Edi's face was grim, illuminated by the chaotic light of his failing screens. "The truth? The probe's energy core is fused to the psychic tether. A hard pull would be like yanking on a live wire that's also a bomb. The feedback could shred Konto's consciousness. Or it could cause the core to detonate, which would… well, I don't know what it would do to a psychic entity, but it would vaporize everything in a ten-kilometer radius of the probe's entry point in the dreamscape. Including what's left of Konto's mind."

"So we do nothing?" Gideon rumbled, his voice a low growl of frustration. "We just watch?"

"We can't," Anya choked out, her eyes squeezed shut. "I see it… it's not just eating him. It's… learning. It's tasting his power. It's using him as a map. A map to us. To Aethelburg."

Her words landed like a death sentence. The mission had never been about destroying the invasion. It had been about mapping it. And now, they had led the architect of the invasion directly to their doorstep.

Inside the mental prison, Konto fought back. Not with power, but with will. He focused on a single memory, a single, unshakeable truth. The feeling of rain on his face in the Undercity, the smell of ozone and wet pavement, the taste of cheap synth-ale on his tongue. He clung to it, a tiny island of reality in an ocean of chaos. He was Konto. He was a Dreamwalker. He was not food.

As he focused, a flicker of resistance. The entity's advance paused, infinitesimally. It was as if it had encountered a hard, indigestible seed within the soft fruit of his mind. In that moment of pause, he felt something else. A tiny, sharp sliver of information, a psychic shard left behind by the Echo's sacrifice. It wasn't a thought or a word, but a concept, a pure piece of data. It was the Echo's final secret, a desperate clue embedded in the fabric of the collapsing prison. *The First Dreamer is not a being of will, but of instinct. It does not think. It only hungers. And hunger can be starved.*

The shard of knowledge was a weapon. But how could he use it? How could he starve a god?
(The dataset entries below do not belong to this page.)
Lemma frobenius_ind1 (p k : nat) (z : R k.+1) :
  mulR p k.+1 (ind k k.+1 (cst k 1)) z = ind k k.+1 (res p k.+1 k z).
Proof.
apply/ffunP => m; rewrite !ffunE.
rewrite (bigD1 (Ordinal (leqW (ltnSn k)))) //=.
rewrite [X in _ + X]big1 ?addr0; last first.
  move=> i hi; apply: big1 => j _; rewrite ind_cstE //.
  have -> : (val i == k) = false.
    by apply/negbTE; apply: contra hi => /eqP h; apply/eqP/val_inj.
  by rewrite /= !mul0r if_same.
rewrite ind_cstE //= eqxx big_ord_recr big_ord_recr /= !mul1r.
under eq_bigr => j _ do rewrite mul1r (minn_idPr (ltnW (ltn_ord j)))
  (maxn_idPl (ltnW (ltn_ord j))) subSnn expr1 -[z _](co_ord _ z) /=.
rewrite (sum_pick _ (fun j => co k.+1 z j * p%:Z)) minnn maxnn subSnn expr1.
rewrite (minn_idPl (leqnSn k)) (maxn_idPr (leqnSn k)) subnn expr0.
rewrite /co; case: (ltngtP m k) => hm.
- have hm1 : (m <= k.+1)%N by rewrite ltnW // ltnW.
  have hv : val (inord m : 'I_k.+1) = m by apply: inordK; rewrite ltnS ltnW.
  by rewrite hm1 res_succE hv hm /co hm1 !addr0 mulrC.
- by [].
- have hv : val (inord k : 'I_k.+1) = k by apply: inordK.
  rewrite hm res_succE hv ltnn /co leqnSn add0r mulr1 mulrC; congr (_ + _).
  by congr (_ * z _); apply: val_inj; rewrite /= inordK.
Qed.

Lemma R_succ_decomp (k : nat) (a : R k.+1) :
  exists b : R k, a = ind k k.+1 b + cst k.+1 (topc a).
Proof.
exists [ffun t : 'I_k.+1 => co k.+1 a t]; apply/ffunP => m; rewrite !ffunE /co.
case: (ltngtP m k.+1) => hm.
- rewrite -ltnS hm ffunE /= inordK // (ltnW hm) addr0.
  by rewrite -[in LHS](inord_val m).
- by move: (ltn_ord m); rewrite ltnNge hm.
- rewrite hm ltnn add0r /topc; congr (a _); exact: val_inj.
Qed.

Lemma Lp_topc (p k : nat) (a : R k) : Lp p k a <-> (p%:Z %| topc a)%Z.
Proof.
elim: k a => [|k IH] a /=; last by rewrite IH topc_res_dvd.
by rewrite (_ : ord0 = ord_max) //; apply: val_inj.
Qed.

Lemma Lp_res (p l k : nat) (a : R l) : (k <= l)%N -> Lp p l a -> Lp p k (res p l k a).
Proof. by move=> hkl; rewrite !Lp_topc topc_res_dvd. Qed.

Lemma Lp_jnd (p k l : nat) (a : R k) : Lp p k a -> Lp p l (jnd p k l a).
Proof. by rewrite !Lp_topc topc_jnd. Qed.

Lemma Lp_ind (p k l : nat) (a : R k) : (k < l)%N -> Lp p l (ind k l a).
Proof. by move=> hkl; rewrite Lp_topc topc_ind // dvdz0. Qed.

Lemma Lp_mul (p k : nat) (a b : R k) : Lp p k b -> Lp p k (mulR p k a b).
Proof. by rewrite !Lp_topc topcM; apply: dvdz_mull. Qed.

Lemma Lp_idealR (p k : nat) : is_idealR p k (Lp p k).
Proof.
split; last exact: Lp_mul.
- by rewrite Lp_topc topc0 dvdz0.
- by move=> a b; rewrite !Lp_topc topcD; apply: rpredD.
- by move=> a; rewrite !Lp_topc topcN rpredN.
Qed.

Lemma Lp_is_ideal (p n : nat) : is_ideal p n (Lp p).
Proof.
split=> [k _|k _]; first exact: Lp_idealR.
split=> a; [by move=> _; apply: Lp_ind | exact: Lp_res | exact: Lp_jnd].
Qed.

(* L(p) is prime: its top-coefficient test reduces primality to Euclid's lemma. *)
Lemma Lp_prime (p n : nat) : prime p -> prime_ideal p n (Lp p).
Proof.
move=> hp; split.
  move/(_ (cst 0 1)); rewrite /= ffunE /= dvdz1 /= => /eqP hp1.
  by move: hp; rewrite hp1.
move=> l' k hlk hk a b /(_ k l' (leqnn k) (leqnn l')).
rewrite !res_id !Lp_topc topcM !topc_jnd !dvdzE abszM /= Euclid_dvdM //.
by move/orP.
Qed.

Lemma topc_F (p k : nat) (j : 'I_k) : topc (F p k j) = - (p%:Z) ^+ (k - j).
Proof. by rewrite /topc ffunE /= (gtn_eqF (ltn_ord j)) eqxx /= mul1r sub0r. Qed.

Lemma J_sub_Lp (p k : nat) (x : int) (a : R k) :
  (p%:Z %| x)%Z -> J p k x a -> Lp p k a.
Proof.
move=> px [c0 [c ->]]; rewrite Lp_topc topcD topcM topc_cst.
apply: rpredD; first exact: dvdz_mull.
rewrite /topc sum_ffunE; apply: rpred_sum => j _.
rewrite -/(topc _) topcM topc_F mulrN rpredN; apply: dvdz_mull.
by apply: dvdz_exp (dvdzz _); rewrite subn_gt0.
Qed.

(* Conversely a = (topc a + S)/p * p + sum_j a_j F_{k,j}, with S = sum_{j<k} a_j p^(k-j). *)
Lemma Lp_sub_J (p k : nat) (a : R k) : Lp p k a -> J p k (p%:Z) a.
Proof.
rewrite Lp_topc => ha.
set S := \sum_(j < k) co k a j * (p%:Z) ^+ (k - j).
have hS : (p%:Z %| topc a + S)%Z.
  apply: rpredD => //; apply: rpred_sum => j _; apply: dvdz_mull.
  by apply: dvdz_exp (dvdzz _); rewrite subn_gt0.
exists (cst k ((topc a + S) %/ p%:Z)%Z), (fun j => cst k (co k a j)).
apply/ffunP => m; rewrite ffunE sum_ffunE mulRC mulR_cstl ffunE.
under eq_bigr => j _ do rewrite mulR_cstl ffunE.
case: (ltnP m k) => hm.
  rewrite (ltn_eqF hm) mulr0 add0r; under eq_bigr => j _ do rewrite /= mul0r subr0.
  rewrite (bigD1 (Ordinal hm)) //= eqxx mulr1 big1 ?addr0 ?co_ord // => j hj.
  by case: eqP => [hmj|]; [case/eqP: hj; apply: val_inj | rewrite mulr0].
have -> : m = ord_max by apply: val_inj; apply/eqP; rewrite eqn_leq hm -ltnS ltn_ord.
rewrite /= eqxx mulrC divzK //.
under eq_bigr => j _ do rewrite (gtn_eqF (ltn_ord j)) /= mul1r sub0r mulrN.
by rewrite sumrN /S addrK.
Qed.

Section Uniqueness.

Variables (p l : nat) (I : idfamily).
Hypothesis p_prime : prime p.
Hypothesis I_ideal : is_ideal p l I.
Hypothesis I_level0 : forall a : R 0, I 0%N a <-> (p%:Z %| a ord0)%Z.
Hypothesis I_prime : prime_ideal p l I.

(* Restricting down to level 0 shows I <= L(p). *)
Lemma I_sub_Lp (k : nat) (a : R k) : (k <= l)%N -> I k a -> Lp p k a.
Proof.
elim: k a => [|k IH] a hk ha /=; first exact/I_level0.
have [_ hres _] := I_ideal.2 k hk.
exact: IH _ (ltnW hk) (hres _ ha).
Qed.

Section Step.

Variable k : nat.
Hypothesis hk : (k < l)%N.
Hypothesis Lp_sub_I_below : forall (m : nat) (a : R m), (m <= k)%N -> Lp p m a -> I m a.

(* By Frobenius reciprocity ind(1) z lies in ind(L^k(p)), hence in I_{k+1}. *)
Lemma ind1_mul_in_I (z : R k.+1) :
  Lp p k.+1 z -> I k.+1 (mulR p k.+1 (ind k k.+1 (cst k 1)) z).
Proof.
move=> hz; have [hind _ _] := I_ideal.2 k hk.
by rewrite frobenius_ind1; apply/hind/Lp_sub_I_below.
Qed.

(* Primality of I applied to X_{k+1,k} = ind(1): all test products lie in L(p). *)
Lemma ind1_in_I : I k.+1 (ind k k.+1 (cst k 1)).
Proof.
set X := ind k k.+1 (cst k 1).
have factor_Lp (i m : nat) : (i <= k.+1)%N -> Lp p m (jnd p i m (res p k.+1 i X)).
  by move=> hi; apply/Lp_jnd/Lp_res/Lp_ind.
suff : I k.+1 X \/ I k.+1 X by case.
apply: (I_prime.2 k.+1 k.+1 (leqnn _) hk) => i j hi hj.
case: (ltnP (maxn i j) k.+1) => hmax.
  by apply/Lp_sub_I_below/Lp_mul/factor_Lp.
have -> : maxn i j = k.+1 by apply/eqP; rewrite eqn_leq hmax geq_max hi hj.
have [-> | hik] := eqVneq i k.+1.
  by rewrite res_id jnd_id ?prime_gt0 //; apply/ind1_mul_in_I/factor_Lp.
have -> : j = k.+1.
  by apply/eqP; move: hmax; rewrite leq_max leqNgt ltn_neqAle hik hi /= eqn_leq hj.
by rewrite res_id jnd_id ?prime_gt0 // mulRC; apply/ind1_mul_in_I/factor_Lp.
Qed.
(* Let an FCA with state set $S$, neighborhood $m=l+1+r$, local rule $f$ and boundary type $b\in\{\text{null},\text{periodic}\}$ be given, let $G$ be its reversibility graph and $\mathrm{CG}$ its circuit graph. Let $N$ be a negative vertex of $G$ with value $k\ge1$, let $C_1,\dots,C_t$ be distinct circuits of $G$ with lengths $r_1,\dots,r_t$, and let $x_1,\dots,x_t\ge 0$ be integers such that for every $j$ with $x_j>0$ there is a path in $\mathrm{CG}$ from $C_j$ to $N$ all of whose vertices other than $N$ are circuits $C_{j'}$ with $x_{j'}>0$. Then the FCA is not $(k+x_1r_1+\dots+x_tr_t)$-cell-reversible.
   Context: A one-dimensional finite cellular automaton (FCA) is given by a state set $S=\{0,1,\dots,s-1\}$, integers $l,r\ge 0$ with neighborhood size $m=l+1+r\ge 2$, a local rule $f:S^m\to S$, and a boundary type $b\in\{\text{null},\text{periodic}\}$. For $n\ge 1$ the global map $\tau_n:S^n\to S^n$ sends $(x_0,\dots,x_{n-1})$ to $(y_0,\dots,y_{n-1})$ with $y_i=f(x_{i-l},\dots,x_{i+r})$, where for the null boundary $x_j=0$ whenever $j<0$ or $j>n-1$, and for the periodic boundary indices are taken modulo $n$. The FCA is $n$-cell-reversible if $\tau_n$ is a bijection (equivalently, since $S^n$ is finite, surjective). Reversibility graph (RG). Null boundary: vertices are subsets of $S^{m-1}$; the root is $N_0=\{(a_1,\dots,a_{m-1})\in S^{m-1}: a_1=\dots=a_l=0\}$; the acceptance set is $R=\{(a_1,\dots,a_{m-1})\in S^{m-1}: a_{m-r}=\dots=a_{m-1}=0\}$ (so $R=S^{m-1}$ if $r=0$); for a subset $N$ and $c\in S$, $\delta(N,c)=\{(a_1,\dots,a_{m-1})\in S^{m-1}:\exists a_0\in S,\ (a_0,\dots,a_{m-2})\in N,\ f(a_0,a_1,\dots,a_{m-1})=c\}$. Periodic boundary: vertices are subsets of $S^{m-1}\times S^{m-1}$; the root and the acceptance set are $N_0=R=\{(a,a):a\in S^{m-1}\}$; $\delta(N,c)=\{((a_1,\dots,a_{m-1}),(b_1,\dots,b_{m-1})):\exists b_0\in S,\ ((a_1,\dots,a_{m-1}),(b_0,\dots,b_{m-2}))\in N,\ f(b_0,\dots,b_{m-1})=c\}$. In both cases the RG is the directed graph whose vertex set consists of all subsets obtainable from $N_0$ by repeatedly applying $\delta$ (including $N_0$; equal subsets are the same vertex; the empty set may occur), with, for each vertex $N$ and each $c\in S$, an edge labelled $c$ from $N$ to $\delta(N,c)$. The value of a vertex $N$ is the length of a shortest directed path from $N_0$ to $N$. A vertex $N$ is negative if $N\cap R=\emptyset$. A circuit is an elementary directed cycle of the RG (a closed directed path with no repeated vertex other than its start = end; a loop is a circuit of length $1$); its length is its number of edges, and it passes through $N$ if $N$ is one of its vertices. Circuit graph (CG): the undirected graph whose vertices are all negative vertices and all circuits of the RG; two circuits are joined by an edge if they have at least one RG-vertex in common; a circuit $D$ and a negative vertex $N$ are joined by an edge if $D$ passes through $N$; there are no other edges. *)

From HB Require Import structures.
From mathcomp Require Import all_boot all_order all_algebra.
Set Implicit Arguments. Unset Strict Implicit. Unset Printing Implicit Defensive.

Inductive boundary := NullB | PeriodicB.

(* A "reversibility-graph-like" automaton: vertices are subsets of a finite
   type X, with a root N0, an acceptance set R and a transition delta. *)
Record RGdata (S : Type) := RGData {
  rgX : finType;
  rgroot : {set rgX};
  rgacc : {set rgX};
  rgdelta : {set rgX} -> S -> {set rgX} }.

Section FCA.
(* State set S = {0,...,s1}, i.e. s = s1 + 1 states. *)
Variables (s1 l r : nat).
Local Notation S := 'I_s1.+1.
Local Notation st0 := (ord0 : S).
(* local rule f : S^m -> S with m = l + 1 + r, so m - 1 = l + r *)
Variable f : (l + r).+1.-tuple S -> S.

(* neighbourhood (x_{i-l}, ..., x_{i+r}) of cell i, null boundary:
   pad x with l zeros on the left and r zeros on the right *)
Definition nbhd_null n (x : n.-tuple S) (i : nat) : (l + r).+1.-tuple S :=
  [tuple nth st0 (nseq l st0 ++ x ++ nseq r st0) (i + p) | p < (l + r).+1].

Definition nbhd_per n (x : n.-tuple S) (i : nat) : (l + r).+1.-tuple S :=
  [tuple nth st0 x (absz ((i%:Z + (p : nat)%:Z - l%:Z) %% n%:Z)%Z) | p < (l + r).+1].

Definition nbhd (b : boundary) n (x : n.-tuple S) (i : nat) :=
  match b with NullB => nbhd_null x i | PeriodicB => nbhd_per x i end.

Definition global_map (b : boundary) n (x : n.-tuple S) : n.-tuple S :=
  [tuple f (nbhd b x i) | i < n].

Definition reversible (b : boundary) (n : nat) : Prop := bijective (@global_map b n).

Definition RG_null : RGdata S := @RGData S ((l + r).-tuple S)
  [set a : (l + r).-tuple S | [forall i : 'I_(l + r), (i < l) ==> (tnth a i == st0)]]
  [set a : (l + r).-tuple S | [forall i : 'I_(l + r), (l <= i) ==> (tnth a i == st0)]]
  (fun N c => [set a : (l + r).-tuple S |
     [exists a0 : S, [exists q in N, val q == belast a0 a] && (f (cons_tuple a0 a) == c)]]).

Definition RG_per : RGdata S := @RGData S ((l + r).-tuple S * (l + r).-tuple S)%type
  [set p : ((l + r).-tuple S * (l + r).-tuple S)%type | p.1 == p.2]
  [set p : ((l + r).-tuple S * (l + r).-tuple S)%type | p.1 == p.2]
  (fun N c => [set p : ((l + r).-tuple S * (l + r).-tuple S)%type |
     [exists b0 : S, [exists q in N, (q.1 == p.1) && (val q.2 == belast b0 p.2)]
                     && (f (cons_tuple b0 p.2) == c)]]).

Definition RG (b : boundary) : RGdata S :=
  match b with NullB => RG_null | PeriodicB => RG_per end.

End FCA.

Section Graph.
Variables (S : finType) (G : RGdata S).
Local Notation V := {set rgX G}.

Definition run (w : seq S) : V := foldl (@rgdelta S G) (rgroot G) w.

Definition is_vertex (N : V) : Prop := exists w : seq S, run w = N.

Definition has_value (N : V) (k : nat) : Prop :=
  (exists w : seq S, size w = k /\ run w = N) /\
  (forall w : seq S, run w = N -> k <= size w).

Definition negative (N : V) : Prop := N :&: rgacc G = set0.

(* a circuit, given by its (vertex, outgoing edge label) pairs in order,
   starting at some vertex: closed directed path without repeated vertex *)
Definition is_circuit (C : seq (V * S)) : Prop :=
  [/\ C != [::],
      {in map fst C, forall v, is_vertex v},
      uniq (map fst C) &
      cycle (fun u v : V * S => rgdelta u.1 u.2 == v.1) C].

(* two rooted representations denote the same circuit iff one is a rotation
   of the other *)
Definition same_circuit (C D : seq (V * S)) : Prop := exists i, rot i C = D.

Definition passes_through (C : seq (V * S)) (N : V) : bool := N \in map fst C.

Definition circ_adj (C D : seq (V * S)) : bool :=
  has (fun v => v \in map fst D) (map fst C).

End Graph.

From HB Require Import structures.
From mathcomp Require Import all_boot all_order all_algebra.
From mathcomp Require Import zify.
Set Implicit Arguments. Unset Strict Implicit. Unset Printing Implicit Defensive.

(* For every configuration x, the word tau_n(x) leads from the root of the
   reversibility graph to a vertex meeting the acceptance set: the windows of
   x itself (padded by zeros, resp. read cyclically) lie in every vertex along
   the way.  On the other hand the value of N yields a word of length k
   ending at N, and the circuit-graph paths let us splice the circuits C_j,
   each traversed x_j times, one after another into a closed walk at N: every
   new circuit passes through N or shares a vertex with a circuit already on
   the walk.  The resulting word of length k + sum_j x_j r_j ends at the
   negative vertex N, so it is not in the image of tau_n. *)

Lemma last_scanl (T U : Type) (g : T -> U -> T) x s :
  last x (scanl g x s) = foldl g x s.
Proof. by elim: s x => //= y s IH x; rewrite IH. Qed.

Lemma belast_iota m i : belast i (iota i.+1 m) = iota i m.
Proof. by elim: m i => [|m IH] i //=; rewrite IH. Qed.

Lemma val_mktuple_iota (T : Type) n (F : nat -> T) :
  val [tuple F (nat_of_ord i) | i < n] = map F (iota 0 n).
Proof. by rewrite /= -val_enum_ord -map_comp; apply: eq_map. Qed.

Lemma val_shift_tuple (T : Type) n (z : nat -> T) i :
  val [tuple z (i + p) | p < n] = map z (iota i n).
Proof.
by rewrite (val_mktuple_iota _ (fun p => z (i + p))) -[in RHS](addn0 i) iotaDl -map_comp.
Qed.

Section Walks.
Variables (S : finType) (G : RGdata S).
Local Notation V := {set rgX G}.
Local Notation delta := (@rgdelta S G).

Definition labelled_edge (a b : V * S) := delta a.1 a.2 == b.1.

Lemma path_scanl (a : V * S) s :
  path labelled_edge a s -> scanl delta a.1 (map snd (belast a s)) = map fst s.
Proof. by elim: s a => //= b s IH a /andP [/eqP -> /IH ->]. Qed.

Lemma cycle_round_walk C v : cycle labelled_edge C -> v \in map fst C ->
  exists c, [/\ size c = size C, foldl delta v c = v &
                {subset map fst C <= scanl delta v c}].
Proof.
move=> cycC /mapP [p pC ->]; have [i s Cs] := rot_to pC.
have := cycC; rewrite -(rot_cycle i) Cs /= => /path_scanl.
rewrite belast_rcons map_rcons => round.
exists (map snd (p :: s)); split.
- by rewrite size_map -Cs size_rot.
- by rewrite -last_scanl round last_rcons.
- by move=> w; rewrite -(mem_rot i) -map_rot Cs round mem_rcons.
Qed.

Lemma closed_walk_iter v c n : foldl delta v c = v ->
  [/\ size (flatten (nseq n c)) = n * size c,
      foldl delta v (flatten (nseq n c)) = v &
      0 < n -> {subset scanl delta v c <= scanl delta v (flatten (nseq n c))}].
Proof.
move=> closed_c; split; first by elim: n => //= n IH; rewrite size_cat IH mulSn.
  by elim: n => //= n IH; rewrite foldl_cat closed_c.
by case: n => //= n _ w; rewrite scanl_cat mem_cat => ->.
Qed.

Lemma scanl_split v u w : w \in v :: scanl delta v u ->
  exists u1 u2, u = u1 ++ u2 /\ foldl delta v u1 = w.
Proof.
elim: u v => [|a u IH] v /=; first by rewrite inE => /eqP ->; exists [::], [::].
rewrite inE => /orP [/eqP ->|/IH [u1 [u2 [-> <-]]]]; first by exists [::], (a :: u).
by exists (a :: u1), u2.
Qed.

Lemma splice_closed_walk v u w c :
  w \in v :: scanl delta v u -> foldl delta w c = w ->
  exists u', [/\ foldl delta v u' = foldl delta v u, size u' = size u + size c,
     {subset v :: scanl delta v u <= v :: scanl delta v u'} &
     {subset scanl delta w c <= v :: scanl delta v u'}].
Proof.
move=> /scanl_split [u1 [u2 [-> visit_w]]] closed_c.
exists (u1 ++ c ++ u2); rewrite !foldl_cat !scanl_cat visit_w closed_c.
split=> //; first by rewrite !size_cat; lia.
  by move=> z; rewrite !(inE, mem_cat); case/orP=> [->|/orP [] ->]; rewrite ?orbT.
by move=> z; rewrite !(inE, mem_cat) => ->; rewrite ?orbT.
Qed.

Section CircuitSplicing.
Variables (N : V) (t : nat) (C : 'I_t -> seq (V * S)) (x : 'I_t -> nat).
Hypothesis C_cycle : forall j, cycle labelled_edge (C j).
Hypothesis C_connected : forall j, 0 < x j ->
  exists p : seq 'I_t,
    [/\ path (fun i i' => circ_adj (C i) (C i')) j p,
        all (fun i => 0 < x i) (j :: p) &
        passes_through (C (last j p)) N].

Local Notation used := [set j : 'I_t | 0 < x j].

Definition covering_walk (A : {set 'I_t}) (u : seq S) : Prop :=
  [/\ foldl delta N u = N, size u = \sum_(j in A) x j * size (C j) &
      forall j, j \in A -> {subset map fst (C j) <= N :: scanl delta N u}].

Lemma frontier_circuit (A : {set 'I_t}) : A \proper used ->
  exists2 j, j \in used :\: A &
    passes_through (C j) N \/ exists2 i, i \in A & circ_adj (C j) (C i).
Proof.
case/properP=> _ [j0]; rewrite inE => x_j0 j0A.
have [p [] ] := C_connected x_j0.
elim: p j0 x_j0 j0A => [|i p IH] j0 x_j0 j0A /=.
  by move=> _ _ through_N; exists j0; [rewrite !inE j0A | left].
case/andP=> adj_j0i path_p /and3P [_ x_i all_p] through_N.
have [iA|iA] := boolP (i \in A); first by exists j0; [rewrite !inE j0A | right; exists i].
by apply: (IH i) => //=; rewrite x_i.
Qed.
In the War Room, Liraya made her choice. The message *"Don't pull"* was not a command to be obeyed. It was a warning. A warning that pulling him would trigger the catastrophe Edi described. But staying, allowing the entity to consume Konto and use his power as a beacon, was an even greater catastrophe. It was a choice between the certain death of one man and the potential death of millions. It was the choice she was born to make, the burden of her privilege and her power.

"Edi," she said, her voice cold and clear, the voice of a Magisterium Council member, not a frightened woman. "Forget the hard pull. Initiate the 'Cerberus Protocol.'"

Edi's head snapped up. "The Cerberus Protocol? Liraya, that's theoretical! It's designed to sever a psychic tether by creating a cascading resonance collapse! It's never been tested! It could turn his mind to soup!"

"It's our only chance to keep it from using him as a gateway," she shot back, her eyes blazing. "Do it. Now."

As Edi's fingers flew across his console, typing in the authorization codes for a protocol that was little more than a desperate theory, the entity on the screen roared again. It had finished tasting the probe. Now, it reached for the main course. A tendril of pure, psychic nothingness lashed out from the core of the storm, striking the shimmering, fragile thread of the connection that led all the way back to the War Room. Back to Konto.